Multiple Endogenous Variables¶
Multiple endogenous variables are specified in a similar manner. The basic concept is that any model can be expressed as
dep ~ exog + [ endog ~ instruments]
and it must be the case that
dep ~ exog + endog
and
dep ~ exog + instruments
are valid formulaic formulas. This means that multiple endogenous regressors or instruments should be joined with +
, but that the first endogenous or first instrument should not have a leading +
. A simple example with 2 endogenous variables and 3 instruments would be
y ~ 1 + x1 + x2 + x3 + [ x4 + x5 ~ z1 + z2 + z3]
In this example, the “submodels” y ~ 1 + x1 + x2 +x3 + x4 + x5
and y ~ 1 + x1 + x2 + x3 + z1 + z2 +z3
are both valid formulaic expressions.
Standard formulaic¶
Aside from this change, the standard rules of formulaic apply, and so it is possible to use mathematical expression or other formulaic-specific features. See the formulaic quickstart for some examples of what is possible.
MEPS data¶
This example shows the use of formulas to estimate both IV and OLS models using the medical expenditure panel survey. The model measures the effect of various characteristics on the log of drug expenditure and instruments the variable that measures where a subject was insured through a union with their social security to income ratio.
This first block imports the data and numpy.
[1]:
from linearmodels.datasets import meps
from linearmodels.iv import IV2SLS
data = meps.load()
data = data.dropna()
print(meps.DESCR)
age Age
age2 Age-squared
black Black
blhisp Black or Hispanic
drugexp Presc-drugs expense
educyr Years of education
fair Fair health
female Female
firmsz Firm size
fph fair or poor health
good Good health
hi_empunion Insured thro emp/union
hisp Hiapanic
income Income
ldrugexp log(drugexp)
linc log(income)
lowincome Low income
marry Married
midincome Middle income
msa Metropolitan stat area
multlc Multiple locations
poor Poor health
poverty Poor
priolist Priority list cond
private Private insurance
ssiratio SSI/Income ratio
totchr Total chronic cond
vegood V-good health
vgh vg or good health
Estimating a model with a formula¶
This model uses a formula which is input using the from_formula
interface.

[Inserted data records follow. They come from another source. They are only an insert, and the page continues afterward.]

(* Let $A[1:n]$ be an array of $n$ items drawn from the universe $U=\{0,\dots,u-1\}$. For every fixed $\epsilon \in [0,1/2]$ there exists a static data structure using $O(n^{2-2\epsilon})$ words of storage that, given any query indices $1 \le i \le j \le n$, returns a mode of the multiset $\{A[i],A[i+1],\dots,A[j]\}$ in $O(n^{\epsilon})$ time in the worst case.
   Context: Model: word RAM with word size $\Theta(\log u)$, where elements are drawn from $U=\{0,\dots,u-1\}$. The frequency of an element $x$ in a multiset $S$ is its multiplicity in $S$. A mode of a multiset $S$ is an element $a\in S$ such that $\operatorname{freq}_S(x)\le \operatorname{freq}_S(a)$ for all $x\in S$. $A[i:j]$ denotes the subarray $A[i],\dots,A[j]$, regarded as a multiset for the purpose of computing modes. *)

From Stdlib Require Import Reals List Arith.
Import ListNotations.

Definition freq (S : list nat) (x : nat) : nat := count_occ Nat.eq_dec S x.

Definition is_mode (S : list nat) (a : nat) : Prop :=
  In a S /\ forall x, In x S -> freq S x <= freq S a.

(** [A[i:j]] with 1-based inclusive indices. *)
Definition subarray (A : list nat) (i j : nat) : list nat :=
  firstn (j - i + 1) (skipn (i - 1) A).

Unlike direct initialization, this interface takes the formula and a DataFrame containing the data necessary to evaluate the formula.
[2]:
formula = (
"ldrugexp ~ 1 + totchr + female + age + linc + blhisp + [hi_empunion ~ ssiratio]"
)
mod = IV2SLS.from_formula(formula, data)
[3]:
iv_res = mod.fit(cov_type="robust")
print(iv_res)
IV-2SLS Estimation Summary
==============================================================================
Dep. Variable: ldrugexp R-squared: 0.0640
Estimator: IV-2SLS Adj. R-squared: 0.0634
No. Observations: 10089 F-statistic: 2000.9
Date: Sun, Oct 20 2024 P-value (F-stat) 0.0000
Time: 22:07:58 Distribution: chi2(6)
Cov. Estimator: robust
Parameter Estimates
===============================================================================
Parameter Std. Err. T-stat P-value Lower CI Upper CI
-------------------------------------------------------------------------------
Intercept 6.7872 0.2688 25.246 0.0000 6.2602 7.3141
totchr 0.4503 0.0102 44.157 0.0000 0.4303 0.4703
female -0.0204 0.0326 -0.6257 0.5315 -0.0843 0.0435
age -0.0132 0.0030 -4.4092 0.0000 -0.0191 -0.0073
linc 0.0870 0.0226 3.8436 0.0001 0.0426 0.1314
blhisp -0.2174 0.0395 -5.5052 0.0000 -0.2948 -0.1400
hi_empunion -0.8976 0.2211 -4.0592 0.0000 -1.3310 -0.4642
===============================================================================
Endogenous: hi_empunion
Instruments: ssiratio
Robust Covariance (Heteroskedastic)
Debiased: False
Mathematical expression in formulas¶
Standard formulaic syntax, such as using mathematical expressions, can be readily used.
[4]:
formula = (
"np.log(drugexp) ~ 1 + totchr + age + linc + blhisp + [hi_empunion ~ ssiratio]"
)
mod = IV2SLS.from_formula(formula, data)
iv_res2 = mod.fit(cov_type="robust")
OLS¶
Omitting the block that marks a variable as endogenous will produce OLS – just like using None
for both endog
and instruments
.
[5]:
formula = "ldrugexp ~ 1 + totchr + female + age + linc + blhisp + hi_empunion"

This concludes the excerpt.